*WORK REQUIRED:*
Look through the data below and extract, unchanged, the lines from the one that contains "<mu(v), mu(w)> = <mu(v), f.mu(u,w)>" to the one that contains "0 j | j <- s] c.", both included.

Saved data entries:
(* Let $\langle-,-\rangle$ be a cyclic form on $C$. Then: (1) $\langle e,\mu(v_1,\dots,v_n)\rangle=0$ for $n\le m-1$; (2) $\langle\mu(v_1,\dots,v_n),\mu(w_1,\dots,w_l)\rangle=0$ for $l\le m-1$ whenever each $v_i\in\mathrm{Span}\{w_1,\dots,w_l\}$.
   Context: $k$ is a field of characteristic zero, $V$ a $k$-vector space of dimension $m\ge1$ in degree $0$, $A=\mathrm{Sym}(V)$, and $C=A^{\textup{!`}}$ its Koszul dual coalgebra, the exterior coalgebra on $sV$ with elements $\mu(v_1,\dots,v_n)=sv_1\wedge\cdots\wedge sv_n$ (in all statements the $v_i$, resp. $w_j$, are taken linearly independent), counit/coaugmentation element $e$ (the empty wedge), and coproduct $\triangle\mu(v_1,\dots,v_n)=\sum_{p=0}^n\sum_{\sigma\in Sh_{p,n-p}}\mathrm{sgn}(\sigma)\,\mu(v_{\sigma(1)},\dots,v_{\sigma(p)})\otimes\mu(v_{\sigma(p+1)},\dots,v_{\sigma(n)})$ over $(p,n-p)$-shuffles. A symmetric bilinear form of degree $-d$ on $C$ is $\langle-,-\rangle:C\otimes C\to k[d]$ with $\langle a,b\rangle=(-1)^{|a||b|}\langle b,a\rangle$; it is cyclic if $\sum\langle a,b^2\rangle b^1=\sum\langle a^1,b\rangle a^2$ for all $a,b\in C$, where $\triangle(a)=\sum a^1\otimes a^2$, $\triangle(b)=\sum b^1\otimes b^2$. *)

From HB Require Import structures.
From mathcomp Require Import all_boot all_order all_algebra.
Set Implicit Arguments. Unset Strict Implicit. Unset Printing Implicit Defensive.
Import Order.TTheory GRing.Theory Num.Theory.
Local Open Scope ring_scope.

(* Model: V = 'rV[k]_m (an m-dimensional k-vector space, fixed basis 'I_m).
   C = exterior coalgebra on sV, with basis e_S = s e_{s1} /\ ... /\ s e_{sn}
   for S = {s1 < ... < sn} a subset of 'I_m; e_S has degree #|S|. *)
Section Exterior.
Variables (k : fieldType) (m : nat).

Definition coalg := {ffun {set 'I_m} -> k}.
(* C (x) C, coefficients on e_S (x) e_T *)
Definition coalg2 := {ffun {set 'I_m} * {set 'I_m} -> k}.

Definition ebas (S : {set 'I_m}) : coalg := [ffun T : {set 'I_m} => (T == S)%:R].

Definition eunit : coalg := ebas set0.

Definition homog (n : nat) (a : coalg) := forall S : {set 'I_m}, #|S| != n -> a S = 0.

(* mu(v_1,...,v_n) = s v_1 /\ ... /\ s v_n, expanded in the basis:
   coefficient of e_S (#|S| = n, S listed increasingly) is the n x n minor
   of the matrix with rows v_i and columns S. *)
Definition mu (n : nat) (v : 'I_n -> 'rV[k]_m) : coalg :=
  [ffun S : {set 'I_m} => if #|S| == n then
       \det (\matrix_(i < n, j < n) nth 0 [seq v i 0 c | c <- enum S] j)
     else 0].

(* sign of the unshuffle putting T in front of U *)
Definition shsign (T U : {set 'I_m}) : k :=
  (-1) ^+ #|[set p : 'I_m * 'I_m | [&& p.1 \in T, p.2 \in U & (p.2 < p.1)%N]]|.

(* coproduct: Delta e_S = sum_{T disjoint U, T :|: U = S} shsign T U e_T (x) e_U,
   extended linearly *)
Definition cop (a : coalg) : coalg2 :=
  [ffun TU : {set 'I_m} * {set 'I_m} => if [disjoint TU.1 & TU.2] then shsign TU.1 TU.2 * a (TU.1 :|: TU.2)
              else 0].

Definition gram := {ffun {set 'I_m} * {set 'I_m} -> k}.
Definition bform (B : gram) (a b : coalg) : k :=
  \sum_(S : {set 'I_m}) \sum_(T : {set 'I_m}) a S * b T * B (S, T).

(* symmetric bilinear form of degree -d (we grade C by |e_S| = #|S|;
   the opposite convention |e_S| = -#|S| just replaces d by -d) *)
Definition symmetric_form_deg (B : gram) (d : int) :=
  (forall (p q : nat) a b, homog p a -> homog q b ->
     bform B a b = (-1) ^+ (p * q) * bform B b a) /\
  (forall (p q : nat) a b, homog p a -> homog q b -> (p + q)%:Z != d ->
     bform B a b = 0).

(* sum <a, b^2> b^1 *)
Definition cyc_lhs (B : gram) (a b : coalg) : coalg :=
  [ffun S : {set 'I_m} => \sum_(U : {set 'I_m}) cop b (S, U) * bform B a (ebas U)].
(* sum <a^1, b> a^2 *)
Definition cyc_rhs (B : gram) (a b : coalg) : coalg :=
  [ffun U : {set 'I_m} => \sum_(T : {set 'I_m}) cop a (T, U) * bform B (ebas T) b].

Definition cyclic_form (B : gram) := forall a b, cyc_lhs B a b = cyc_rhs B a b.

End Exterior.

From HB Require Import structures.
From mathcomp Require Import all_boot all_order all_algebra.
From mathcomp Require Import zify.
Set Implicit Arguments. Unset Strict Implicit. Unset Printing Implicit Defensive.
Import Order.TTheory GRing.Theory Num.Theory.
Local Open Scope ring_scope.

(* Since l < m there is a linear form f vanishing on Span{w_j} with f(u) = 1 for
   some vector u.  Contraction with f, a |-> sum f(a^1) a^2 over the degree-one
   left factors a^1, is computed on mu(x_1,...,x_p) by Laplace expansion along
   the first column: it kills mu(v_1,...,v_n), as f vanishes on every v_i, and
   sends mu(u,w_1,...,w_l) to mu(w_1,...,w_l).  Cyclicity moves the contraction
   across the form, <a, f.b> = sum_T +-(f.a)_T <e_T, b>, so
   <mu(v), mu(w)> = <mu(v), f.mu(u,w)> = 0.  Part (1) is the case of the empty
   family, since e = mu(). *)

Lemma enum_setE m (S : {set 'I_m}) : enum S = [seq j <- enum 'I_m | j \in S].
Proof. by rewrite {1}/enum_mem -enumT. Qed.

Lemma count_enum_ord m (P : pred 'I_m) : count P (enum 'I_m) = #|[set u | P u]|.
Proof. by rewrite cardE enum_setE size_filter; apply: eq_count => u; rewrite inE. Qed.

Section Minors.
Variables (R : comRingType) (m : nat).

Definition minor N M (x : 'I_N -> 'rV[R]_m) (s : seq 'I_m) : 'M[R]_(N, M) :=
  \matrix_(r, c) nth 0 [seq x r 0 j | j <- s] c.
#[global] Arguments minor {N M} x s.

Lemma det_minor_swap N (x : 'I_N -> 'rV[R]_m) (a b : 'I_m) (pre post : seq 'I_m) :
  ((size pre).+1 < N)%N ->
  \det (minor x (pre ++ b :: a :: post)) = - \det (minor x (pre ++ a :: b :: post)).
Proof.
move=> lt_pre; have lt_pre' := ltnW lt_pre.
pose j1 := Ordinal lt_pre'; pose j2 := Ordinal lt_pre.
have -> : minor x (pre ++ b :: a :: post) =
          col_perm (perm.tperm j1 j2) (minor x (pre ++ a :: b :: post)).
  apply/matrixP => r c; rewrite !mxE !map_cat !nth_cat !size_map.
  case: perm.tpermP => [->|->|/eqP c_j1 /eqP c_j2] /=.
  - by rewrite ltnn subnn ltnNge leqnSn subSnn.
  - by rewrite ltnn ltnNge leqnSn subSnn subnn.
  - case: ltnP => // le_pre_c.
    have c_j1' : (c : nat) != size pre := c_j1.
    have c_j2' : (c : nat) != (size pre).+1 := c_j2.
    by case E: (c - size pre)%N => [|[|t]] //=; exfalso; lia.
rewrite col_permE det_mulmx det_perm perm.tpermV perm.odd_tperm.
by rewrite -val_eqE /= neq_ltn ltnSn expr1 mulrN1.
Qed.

---

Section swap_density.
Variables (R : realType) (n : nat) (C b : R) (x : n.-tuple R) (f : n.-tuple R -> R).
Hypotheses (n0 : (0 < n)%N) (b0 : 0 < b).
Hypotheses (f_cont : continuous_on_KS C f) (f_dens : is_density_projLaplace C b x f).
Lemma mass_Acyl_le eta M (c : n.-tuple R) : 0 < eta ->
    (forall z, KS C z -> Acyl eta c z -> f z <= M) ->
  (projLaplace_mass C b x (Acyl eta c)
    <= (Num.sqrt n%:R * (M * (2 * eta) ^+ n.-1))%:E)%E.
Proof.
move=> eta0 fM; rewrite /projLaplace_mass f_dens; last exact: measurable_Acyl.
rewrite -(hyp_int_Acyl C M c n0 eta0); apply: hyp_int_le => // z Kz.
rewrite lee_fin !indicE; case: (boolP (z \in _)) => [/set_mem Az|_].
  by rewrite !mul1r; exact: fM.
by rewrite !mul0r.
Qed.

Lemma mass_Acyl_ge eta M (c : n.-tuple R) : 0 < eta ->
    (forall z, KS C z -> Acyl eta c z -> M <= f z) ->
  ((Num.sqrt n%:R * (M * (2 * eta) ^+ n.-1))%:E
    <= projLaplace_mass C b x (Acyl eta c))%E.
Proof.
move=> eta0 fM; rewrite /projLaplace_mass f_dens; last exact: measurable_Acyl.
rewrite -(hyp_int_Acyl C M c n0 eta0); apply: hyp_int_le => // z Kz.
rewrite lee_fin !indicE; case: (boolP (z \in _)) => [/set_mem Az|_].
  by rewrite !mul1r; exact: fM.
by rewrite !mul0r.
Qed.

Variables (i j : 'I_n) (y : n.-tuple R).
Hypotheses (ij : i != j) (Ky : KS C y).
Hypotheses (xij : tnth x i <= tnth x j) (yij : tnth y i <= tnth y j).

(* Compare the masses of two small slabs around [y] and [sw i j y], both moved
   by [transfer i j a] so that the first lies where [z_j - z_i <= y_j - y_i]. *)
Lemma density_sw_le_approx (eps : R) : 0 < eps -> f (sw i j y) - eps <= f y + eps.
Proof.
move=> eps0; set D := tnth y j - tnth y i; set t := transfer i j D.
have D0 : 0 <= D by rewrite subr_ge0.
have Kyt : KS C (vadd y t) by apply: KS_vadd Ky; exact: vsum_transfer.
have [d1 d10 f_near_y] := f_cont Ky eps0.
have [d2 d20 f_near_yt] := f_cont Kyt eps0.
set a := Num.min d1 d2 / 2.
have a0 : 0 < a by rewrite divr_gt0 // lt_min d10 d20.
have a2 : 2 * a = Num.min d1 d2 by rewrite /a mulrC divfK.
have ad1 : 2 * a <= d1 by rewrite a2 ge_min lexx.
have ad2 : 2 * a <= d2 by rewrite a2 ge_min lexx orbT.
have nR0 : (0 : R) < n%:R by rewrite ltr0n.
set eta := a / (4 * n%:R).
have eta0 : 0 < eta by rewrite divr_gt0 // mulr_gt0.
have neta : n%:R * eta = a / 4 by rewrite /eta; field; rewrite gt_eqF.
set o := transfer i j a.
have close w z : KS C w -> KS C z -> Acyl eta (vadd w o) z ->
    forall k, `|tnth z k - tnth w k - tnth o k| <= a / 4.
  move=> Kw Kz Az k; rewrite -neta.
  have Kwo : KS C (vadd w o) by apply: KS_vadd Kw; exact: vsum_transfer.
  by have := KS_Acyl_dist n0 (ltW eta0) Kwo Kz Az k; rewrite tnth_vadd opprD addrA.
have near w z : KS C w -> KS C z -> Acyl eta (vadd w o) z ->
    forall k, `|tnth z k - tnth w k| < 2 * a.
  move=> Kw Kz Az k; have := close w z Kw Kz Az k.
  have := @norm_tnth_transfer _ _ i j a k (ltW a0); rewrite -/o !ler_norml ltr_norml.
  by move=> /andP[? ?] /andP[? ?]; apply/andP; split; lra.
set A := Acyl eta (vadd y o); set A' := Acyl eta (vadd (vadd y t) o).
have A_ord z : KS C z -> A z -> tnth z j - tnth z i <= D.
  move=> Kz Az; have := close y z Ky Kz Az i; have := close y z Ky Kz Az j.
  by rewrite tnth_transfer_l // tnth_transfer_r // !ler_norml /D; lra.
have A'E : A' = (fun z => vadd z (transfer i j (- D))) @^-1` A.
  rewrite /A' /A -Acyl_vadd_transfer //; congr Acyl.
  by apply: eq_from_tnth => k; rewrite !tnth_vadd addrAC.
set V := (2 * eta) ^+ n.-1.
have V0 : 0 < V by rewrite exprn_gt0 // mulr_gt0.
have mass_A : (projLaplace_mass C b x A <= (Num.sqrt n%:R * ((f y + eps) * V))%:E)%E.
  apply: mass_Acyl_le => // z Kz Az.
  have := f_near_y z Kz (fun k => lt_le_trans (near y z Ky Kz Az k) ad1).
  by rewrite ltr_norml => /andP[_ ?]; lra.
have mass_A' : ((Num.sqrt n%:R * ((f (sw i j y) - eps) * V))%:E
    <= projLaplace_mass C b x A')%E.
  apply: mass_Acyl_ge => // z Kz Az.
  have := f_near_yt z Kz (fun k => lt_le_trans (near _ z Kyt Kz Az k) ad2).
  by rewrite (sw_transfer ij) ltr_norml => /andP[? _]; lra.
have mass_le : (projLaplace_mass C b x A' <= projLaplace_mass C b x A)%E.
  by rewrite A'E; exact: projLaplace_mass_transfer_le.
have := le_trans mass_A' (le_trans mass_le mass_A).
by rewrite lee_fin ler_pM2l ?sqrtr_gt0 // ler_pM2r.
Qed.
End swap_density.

*RESULT FOR THIS EXERCISE:*
   <mu(v), mu(w)> = <mu(v), f.mu(u,w)> = 0.  Part (1) is the case of the empty
   family, since e = mu(). *)

Lemma enum_setE m (S : {set 'I_m}) : enum S = [seq j <- enum 'I_m | j \in S].
Proof. by rewrite {1}/enum_mem -enumT. Qed.

Lemma count_enum_ord m (P : pred 'I_m) : count P (enum 'I_m) = #|[set u | P u]|.
Proof. by rewrite cardE enum_setE size_filter; apply: eq_count => u; rewrite inE. Qed.

Section Minors.
Variables (R : comRingType) (m : nat).

Definition minor N M (x : 'I_N -> 'rV[R]_m) (s : seq 'I_m) : 'M[R]_(N, M) :=
  \matrix_(r, c) nth 0 [seq x r 0 j | j <- s] c.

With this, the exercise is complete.